TASK ITEM
Find the line containing "(k_ws = 0 <-> vnorm m = r)) /\" in the data below, then output that line and each one after it exactly, with nothing else.

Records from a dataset
-- Opening Marker --
(* Let $L\in(0,\infty]$ and let $\gamma\in C^\infty([0,L),\mathbb{R}^2)$ be an arclength-parameterized plane curve with $\gamma(s)\neq0$ for all $s\in(0,L)$, with unit tangent $T=\gamma_s$, unit normal $N=R_{\pi/2}T$, signed curvature $\kappa$ ($\gamma_{ss}=\kappa N$) and polar tangential angle function $\omega:(0,L)\to\mathbb{R}$. Let $s\in(0,L)$ with $\kappa(s)\neq0$, and let $e(s):=\gamma(s)+\kappa(s)^{-1}N(s)$ (the center of the osculating circle). Then: (i) $\kappa(s)\omega_s(s)$ and $\gamma(s)\cdot e(s)$ have the same sign; (ii) equivalently, letting $\hat c(s)$ be the circle having the segment from $\gamma(s)$ to $e(s)$ as a diameter, $\kappa(s)\omega_s(s)>0$ iff the origin lies outside $\hat c(s)$, $\kappa(s)\omega_s(s)<0$ iff the origin lies inside $\hat c(s)$, and $\kappa(s)\omega_s(s)=0$ iff the origin lies on $\hat c(s)$; (iii) in particular, if the origin does not belong to the open disk $D(s)$ of radius $1/|\kappa(s)|$ centered at $e(s)$ (the disk enclosed by the osculating circle), then $\kappa(s)\omega_s(s)>0$.
   Context: $R_\theta$ denotes counterclockwise rotation by angle $\theta$. With $X:=\gamma/|\gamma|$ on $(0,L)$, a polar tangential angle function is a smooth $\omega:(0,L)\to\mathbb{R}$ with $R_{\omega(s)}X(s)=T(s)$ for all $s\in(0,L)$. *)

From Stdlib Require Import Reals.
From Coquelicot Require Import Coquelicot.
Open Scope R_scope.

Definition dot (u v : R * R) : R := fst u * fst v + snd u * snd v.
Definition vnorm (u : R * R) : R := sqrt (dot u u).
Definition vadd (u v : R * R) : R * R := (fst u + fst v, snd u + snd v).
Definition vscale (a : R) (u : R * R) : R * R := (a * fst u, a * snd u).

Definition rot (th : R) (u : R * R) : R * R :=
  (cos th * fst u - sin th * snd u, sin th * fst u + cos th * snd u).

Definition cx (g : R -> R * R) : R -> R := fun t => fst (g t).
Definition cy (g : R -> R * R) : R -> R := fun t => snd (g t).

Definition in0L (L : Rbar) (t : R) : Prop := 0 < t /\ Rbar_lt t L.

(* f is C^oo on [0, L): all derivatives exist on (0, L), f is right-continuous
   at 0, and every derivative extends continuously to 0 from the right. *)
Definition smooth_0L (L : Rbar) (f : R -> R) : Prop :=
  (forall n t, in0L L t -> ex_derive_n f n t) /\
  filterlim f (at_right 0) (locally (f 0)) /\
  (forall n, exists l : R, filterlim (Derive_n f n) (at_right 0) (locally l)).

Definition smooth_curve_0L (L : Rbar) (g : R -> R * R) : Prop :=
  smooth_0L L (cx g) /\ smooth_0L L (cy g).

Definition smooth_open_0L (L : Rbar) (f : R -> R) : Prop :=
  forall n t, in0L L t -> ex_derive_n f n t.

Definition tangent (g : R -> R * R) (t : R) : R * R :=
  (Derive (cx g) t, Derive (cy g) t).

(* arclength parameterization on [0, L) (|gamma_s| = 1; at 0 this follows by
   continuity of the extended derivative) *)
Definition arclength (L : Rbar) (g : R -> R * R) : Prop :=
  forall t, in0L L t -> vnorm (tangent g t) = 1.

Definition normal (g : R -> R * R) (t : R) : R * R := rot (PI / 2) (tangent g t).

Definition accel (g : R -> R * R) (t : R) : R * R :=
  (Derive_n (cx g) 2 t, Derive_n (cy g) 2 t).

Definition is_signed_curvature (L : Rbar) (g : R -> R * R) (kappa : R -> R) : Prop :=
  forall t, in0L L t -> accel g t = vscale (kappa t) (normal g t).

Definition radial_dir (g : R -> R * R) (t : R) : R * R :=
  vscale (/ vnorm (g t)) (g t).

Definition polar_tangential_angle (L : Rbar) (g : R -> R * R) (omega : R -> R) : Prop :=
  smooth_open_0L L omega /\
  forall t, in0L L t -> rot (omega t) (radial_dir g t) = tangent g t.

Definition osc_center (g : R -> R * R) (kappa : R -> R) (t : R) : R * R :=
  vadd (g t) (vscale (/ kappa t) (normal g t)).

From Stdlib Require Import Reals Lra Psatz.
From Coquelicot Require Import Coquelicot.
Open Scope R_scope.

(* Writing the polar relation R_omega X = T as
   cross(gamma, T) cos omega = (gamma . T) sin omega and differentiating it,
   with gamma_ss = kappa N and |T| = 1, gives the polar angle formula
   omega_s = kappa - cross(gamma, T) / |gamma|^2.  As
   gamma . e = |gamma|^2 - cross(gamma, T) / kappa, this reads
   kappa omega_s |gamma|^2 = kappa^2 (gamma . e), which is (i).  For (ii), the
   centre m and radius r of the circle with diameter [gamma, e] satisfy
   |m|^2 - r^2 = gamma . e.  For (iii), |e - gamma| = 1/|kappa| <= |e| forces
   2 gamma . e = |gamma|^2 + |e|^2 - |e - gamma|^2 > 0. *)

Definition cross (u v : R * R) : R := fst u * snd v - snd u * fst v.

Lemma dot_self_ge0 (u : R * R) : 0 <= dot u u.
Proof. destruct u as [x y]; unfold dot; simpl; nra. Qed.

Lemma dot_self_gt0 (u : R * R) : u <> (0, 0) -> 0 < dot u u.
Proof.
  destruct u as [x y]; unfold dot; simpl; intros Hu.
  destruct (Req_dec x 0) as [-> | Hx]; [destruct (Req_dec y 0) as [-> | Hy] |];
    [congruence | nra | nra].
Qed.

Lemma vnorm_ge0 (u : R * R) : 0 <= vnorm u.
Proof. apply sqrt_pos. Qed.

Lemma vnorm_sqr (u : R * R) : vnorm u * vnorm u = dot u u.
Proof. apply sqrt_sqrt, dot_self_ge0. Qed.

Lemma vnorm_scale (c : R) (u : R * R) : vnorm (vscale c u) = Rabs c * vnorm u.
Proof.
  unfold vnorm; rewrite <- sqrt_Rsqr_abs, <- sqrt_mult_alt by apply Rle_0_sqr.
  f_equal; destruct u; unfold dot, vscale, Rsqr; simpl; ring.
Qed.

Lemma dot_rot_scale (w c : R) (u : R * R) :
  dot u (rot w (vscale c u)) = c * dot u u * cos w.
Proof. destruct u; unfold dot, rot, vscale; simpl; ring. Qed.

Lemma cross_rot_scale (w c : R) (u : R * R) :
  cross u (rot w (vscale c u)) = c * dot u u * sin w.
Proof. destruct u; unfold cross, dot, rot, vscale; simpl; ring. Qed.

Lemma dot_rot_radial (w : R) (u : R * R) :
  u <> (0, 0) -> dot u (rot w (vscale (/ vnorm u) u)) = vnorm u * cos w.
Proof.
  intros Hu; assert (0 < vnorm u) by apply sqrt_lt_R0, dot_self_gt0, Hu.
  rewrite dot_rot_scale, <- vnorm_sqr; field; lra.
Qed.

Lemma cross_rot_radial (w : R) (u : R * R) :
  u <> (0, 0) -> cross u (rot w (vscale (/ vnorm u) u)) = vnorm u * sin w.
Proof.
  intros Hu; assert (0 < vnorm u) by apply sqrt_lt_R0, dot_self_gt0, Hu.
  rewrite cross_rot_scale, <- vnorm_sqr; field; lra.
Qed.

Lemma dot_vscale_r (c : R) (u v : R * R) : dot u (vscale c v) = c * dot u v.
Proof. unfold dot, vscale; simpl; ring. Qed.

Lemma cross_vscale_r (c : R) (u v : R * R) : cross u (vscale c v) = c * cross u v.
Proof. unfold cross, vscale; simpl; ring. Qed.

Lemma diametral_circle_position (a b : R * R) :
  let m := vscale (/ 2) (vadd a b) in
  let r := vnorm (vadd b (vscale (-1) a)) / 2 in
  (r < vnorm m <-> 0 < dot a b) /\
  (vnorm m < r <-> dot a b < 0) /\
  (vnorm m = r <-> dot a b = 0).
Proof.
  intros m r; set (d := vadd b (vscale (-1) a)) in r.
  assert (Hmr : vnorm m * vnorm m = r * r + dot a b).
  { transitivity (vnorm d * vnorm d / 4 + dot a b); [| unfold r; field].
    rewrite !vnorm_sqr; unfold m, d; destruct a, b; unfold dot, vadd, vscale; simpl; field. }
  pose proof (vnorm_ge0 m).
  assert (0 <= r) by (unfold r; pose proof (vnorm_ge0 d); lra).
  repeat split; intros; nra.
Qed.

Lemma dot_pos_outside_ball (a b : R * R) :
  a <> (0, 0) -> vnorm (vadd b (vscale (-1) a)) <= vnorm b -> 0 < dot a b.
Proof.
  intros Ha Hout.
  assert (Hsq : dot (vadd b (vscale (-1) a)) (vadd b (vscale (-1) a)) <= dot b b).
  { rewrite <- !vnorm_sqr; pose proof (vnorm_ge0 (vadd b (vscale (-1) a))); nra. }
  pose proof (dot_self_gt0 a Ha).
  destruct a, b; unfold dot, vadd, vscale in *; simpl in *; nra.
Qed.

Lemma same_sign_of_mul_pos (x y a b : R) :
  0 < a -> 0 < b -> x * a = b * y ->
  (0 < x <-> 0 < y) /\ (x < 0 <-> y < 0) /\ (x = 0 <-> y = 0).
Proof. intros; repeat split; intros; nra. Qed.

Lemma in0L_locally (L : Rbar) (s : R) : in0L L s -> locally s (in0L L).
Proof.
  intros [Hs HsL].
  destruct L as [l | |]; simpl in HsL; try contradiction.
  - assert (Hd : 0 < Rmin s (l - s)) by (apply Rmin_pos; lra).
    exists (mkposreal _ Hd); intros t Ht.
    apply Rabs_def2 in Ht; change (minus t s) with (t - s) in Ht; simpl in Ht.
    pose proof (Rmin_l s (l - s)); pose proof (Rmin_r s (l - s)).
    split; simpl; lra.
  - exists (mkposreal _ Hs); intros t Ht.
    apply Rabs_def2 in Ht; change (minus t s) with (t - s) in Ht; simpl in Ht.
    split; [lra | exact I].
Qed.

Lemma normal_tangent (g : R -> R * R) (t : R) :
  normal g t = (- snd (tangent g t), fst (tangent g t)).
Proof.
  unfold normal, rot; rewrite cos_PI2, sin_PI2; f_equal; ring.
Qed.

Lemma dot_normal (u : R * R) (g : R -> R * R) (t : R) :
  dot u (normal g t) = - cross u (tangent g t).
Proof. rewrite normal_tangent; unfold dot, cross; simpl; ring. Qed.

Lemma cross_normal (u : R * R) (g : R -> R * R) (t : R) :
  cross u (normal g t) = dot u (tangent g t).
Proof. rewrite normal_tangent; unfold dot, cross; simpl; ring. Qed.

Lemma cross_normal_tangent (g : R -> R * R) (t : R) :
  cross (normal g t) (tangent g t) = - dot (tangent g t) (tangent g t).
Proof. rewrite normal_tangent; unfold dot, cross; simpl; ring. Qed.

Lemma dot_tangent_unit (L : Rbar) (g : R -> R * R) (t : R) :
  arclength L g -> in0L L t -> dot (tangent g t) (tangent g t) = 1.
Proof. intros Harc Ht; rewrite <- vnorm_sqr, (Harc t Ht); ring. Qed.

Definition polar_defect (g : R -> R * R) (omega : R -> R) (t : R) : R :=
  cross (g t) (tangent g t) * cos (omega t) - dot (g t) (tangent g t) * sin (omega t).

Lemma polar_defect_eq0 (L : Rbar) (g : R -> R * R) (omega : R -> R) (t : R) :
  polar_tangential_angle L g omega -> in0L L t -> polar_defect g omega t = 0.
Proof.
  intros [_ Hpol] Ht; unfold polar_defect, radial_dir in *.
  rewrite <- (Hpol t Ht), dot_rot_scale, cross_rot_scale; ring.
Qed.

Lemma is_derive_polar_defect (g : R -> R * R) (omega : R -> R) (s : R) :
  ex_derive (cx g) s -> ex_derive (cy g) s ->
  ex_derive (Derive (cx g)) s -> ex_derive (Derive (cy g)) s ->
  ex_derive omega s ->
  let T := tangent g s in
  is_derive (polar_defect g omega) s
    (cross (g s) (accel g s) * cos (omega s)
     - (dot T T + dot (g s) (accel g s)) * sin (omega s)
     - (cross (g s) T * sin (omega s) + dot (g s) T * cos (omega s)) * Derive omega s).
Proof.
  intros Hx Hy Hx' Hy' Hw T.
  apply is_derive_ext with (f := fun t =>
    (cx g t * Derive (cy g) t - cy g t * Derive (cx g) t) * cos (omega t)
    - (cx g t * Derive (cx g) t + cy g t * Derive (cy g) t) * sin (omega t));
    [reflexivity |].
  auto_derive; [repeat split; assumption |].
  unfold T, accel, tangent, cross, dot, cx, cy; simpl.
  change (fun x => omega x) with omega; ring.
Qed.

Lemma polar_angle_derivative (L : Rbar) (g : R -> R * R) (kappa omega : R -> R) (s : R) :
  smooth_curve_0L L g -> arclength L g -> is_signed_curvature L g kappa ->
  polar_tangential_angle L g omega -> in0L L s -> g s <> (0, 0) ->
  Derive omega s = kappa s - cross (g s) (tangent g s) / dot (g s) (g s).
Proof.
  intros [[Hx _] [Hy _]] Harc Hcurv Hpol Hs Hg.
  assert (Hder0 : is_derive (polar_defect g omega) s 0).
  { apply is_derive_ext_loc with (f := fun _ => 0); [| exact (is_derive_const 0 s)].
    apply (filter_imp (in0L L)); [| exact (in0L_locally L s Hs)].
    intros t Ht; symmetry; exact (polar_defect_eq0 L g omega t Hpol Ht). }
  pose proof (is_derive_unique _ _ _ (is_derive_polar_defect g omega s
    (Hx 1%nat s Hs) (Hy 1%nat s Hs) (Hx 2%nat s Hs) (Hy 2%nat s Hs)
    (proj1 Hpol 1%nat s Hs))) as Hdefect.
  rewrite (is_derive_unique _ _ _ Hder0) in Hdefect.
  rewrite (Hcurv s Hs), dot_vscale_r, cross_vscale_r, dot_normal, cross_normal,
    (dot_tangent_unit L g s Harc Hs) in Hdefect.
  assert (Hpolar : tangent g s = rot (omega s) (vscale (/ vnorm (g s)) (g s)))
    by (symmetry; exact (proj2 Hpol s Hs)).
  rewrite Hpolar, dot_rot_radial, cross_rot_radial in Hdefect by exact Hg.
  rewrite Hpolar, cross_rot_radial, <- vnorm_sqr by exact Hg.
  set (rho := vnorm (g s)) in *.
  assert (Hrho : 0 < rho) by (apply sqrt_lt_R0, dot_self_gt0, Hg).
  pose proof (sin2_cos2 (omega s)) as Hpyth; unfold Rsqr in Hpyth.
  assert (Hlin : rho * (kappa s - Derive omega s) - sin (omega s) = 0).
  { transitivity ((rho * (kappa s - Derive omega s))
                    * (sin (omega s) * sin (omega s) + cos (omega s) * cos (omega s))
                   - sin (omega s)); [rewrite Hpyth; ring |].
    rewrite Hdefect; ring. }
  field_simplify_eq; [nra | lra].
Qed.

Lemma osc_center_dot (g : R -> R * R) (kappa : R -> R) (t : R) :
  dot (g t) (osc_center g kappa t) = dot (g t) (g t) - cross (g t) (tangent g t) / kappa t.
Proof.
  unfold osc_center; rewrite normal_tangent.
  unfold dot, cross, vadd, vscale, Rdiv; simpl; ring.
Qed.

Lemma vnorm_osc_radius (L : Rbar) (g : R -> R * R) (kappa : R -> R) (t : R) :
  arclength L g -> in0L L t ->
  vnorm (vadd (osc_center g kappa t) (vscale (-1) (g t))) = / Rabs (kappa t).
Proof.
  intros Harc Ht.
  replace (vadd (osc_center g kappa t) (vscale (-1) (g t)))
    with (vscale (/ kappa t) (normal g t))
    by (unfold osc_center, vadd, vscale; simpl; f_equal; ring).
  rewrite vnorm_scale, Rabs_inv.
  replace (vnorm (normal g t)) with 1; [ring |].
  unfold vnorm; rewrite dot_normal, cross_normal_tangent, (dot_tangent_unit L g t Harc Ht).
  rewrite Ropp_involutive, sqrt_1; reflexivity.
Qed.

Lemma curvature_angle_derivative_osc_center
    (L : Rbar) (g : R -> R * R) (kappa omega : R -> R) (s : R) :
  smooth_curve_0L L g -> arclength L g -> is_signed_curvature L g kappa ->
  polar_tangential_angle L g omega -> in0L L s -> g s <> (0, 0) -> kappa s <> 0 ->
  kappa s * Derive omega s * dot (g s) (g s)
  = kappa s * kappa s * dot (g s) (osc_center g kappa s).
Proof.
  intros Hsm Harc Hcurv Hpol Hs Hg Hk.
  pose proof (dot_self_gt0 _ Hg).
  rewrite (polar_angle_derivative L g kappa omega s Hsm Harc Hcurv Hpol Hs Hg), osc_center_dot.
  field; lra.
Qed.

Theorem corollary2p5
  (L : Rbar) (gamma : R -> R * R) (kappa omega : R -> R) (s : R) :
  Rbar_lt 0 L ->
  smooth_curve_0L L gamma ->
  arclength L gamma ->
  (forall t, in0L L t -> gamma t <> (0, 0)) ->
  is_signed_curvature L gamma kappa ->
  polar_tangential_angle L gamma omega ->
  in0L L s ->
  kappa s <> 0 ->
  let e := osc_center gamma kappa s in
  let k_ws := kappa s * Derive omega s in
  (* center and radius of the circle c^(s) with diameter [gamma(s), e(s)] *)
  let m := vscale (/ 2) (vadd (gamma s) e) in
  let r := vnorm (vadd e (vscale (-1) (gamma s))) / 2 in
  (* (i) same sign *)
  ((0 < k_ws <-> 0 < dot (gamma s) e) /\
   (k_ws < 0 <-> dot (gamma s) e < 0) /\
   (k_ws = 0 <-> dot (gamma s) e = 0)) /\
  (* (ii) position of the origin relative to c^(s) *)
  ((0 < k_ws <-> r < vnorm m) /\
   (k_ws < 0 <-> vnorm m < r) /\
   (k_ws = 0 <-> vnorm m = r)) /\
  (* (iii) origin outside the open osculating disk D(s) *)
  (~ (vnorm e < / Rabs (kappa s)) -> 0 < k_ws).
Proof.
  intros _ Hsm Harc Hnz Hcurv Hpol Hs Hk e k_ws m r.
  pose proof (Hnz s Hs) as Hg.
  assert (Hsign : (0 < k_ws <-> 0 < dot (gamma s) e) /\
                  (k_ws < 0 <-> dot (gamma s) e < 0) /\
                  (k_ws = 0 <-> dot (gamma s) e = 0)).
  { apply (same_sign_of_mul_pos _ _ (dot (gamma s) (gamma s)) (kappa s * kappa s)).
    - exact (dot_self_gt0 _ Hg).
    - apply Rsqr_pos_lt, Hk.
    - exact (curvature_angle_derivative_osc_center L gamma kappa omega s
               Hsm Harc Hcurv Hpol Hs Hg Hk). }
  destruct (diametral_circle_position (gamma s) e) as (Hout & Hin & Hon).
  split; [exact Hsign |]; split.
  - fold m r in Hout, Hin, Hon; rewrite Hout, Hin, Hon; exact Hsign.
  - intros Hfar; apply Hsign, (dot_pos_outside_ball _ _ Hg).
    unfold e; rewrite (vnorm_osc_radius L gamma kappa s Harc Hs).
    apply Rnot_lt_le, Hfar.
Qed.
-- Closing Marker --
SOLUTION TO THE PROBLEM
   (k_ws = 0 <-> vnorm m = r)) /\
  (* (iii) origin outside the open osculating disk D(s) *)
  (~ (vnorm e < / Rabs (kappa s)) -> 0 < k_ws).
Proof.
  intros _ Hsm Harc Hnz Hcurv Hpol Hs Hk e k_ws m r.
  pose proof (Hnz s Hs) as Hg.
  assert (Hsign : (0 < k_ws <-> 0 < dot (gamma s) e) /\
                  (k_ws < 0 <-> dot (gamma s) e < 0) /\
                  (k_ws = 0 <-> dot (gamma s) e = 0)).
  { apply (same_sign_of_mul_pos _ _ (dot (gamma s) (gamma s)) (kappa s * kappa s)).
    - exact (dot_self_gt0 _ Hg).
    - apply Rsqr_pos_lt, Hk.
    - exact (curvature_angle_derivative_osc_center L gamma kappa omega s
               Hsm Harc Hcurv Hpol Hs Hg Hk). }
  destruct (diametral_circle_position (gamma s) e) as (Hout & Hin & Hon).
  split; [exact Hsign |]; split.
  - fold m r in Hout, Hin, Hon; rewrite Hout, Hin, Hon; exact Hsign.
  - intros Hfar; apply Hsign, (dot_pos_outside_ball _ _ Hg).
    unfold e; rewrite (vnorm_osc_radius L gamma kappa s Harc Hs).
    apply Rnot_lt_le, Hfar.
Qed.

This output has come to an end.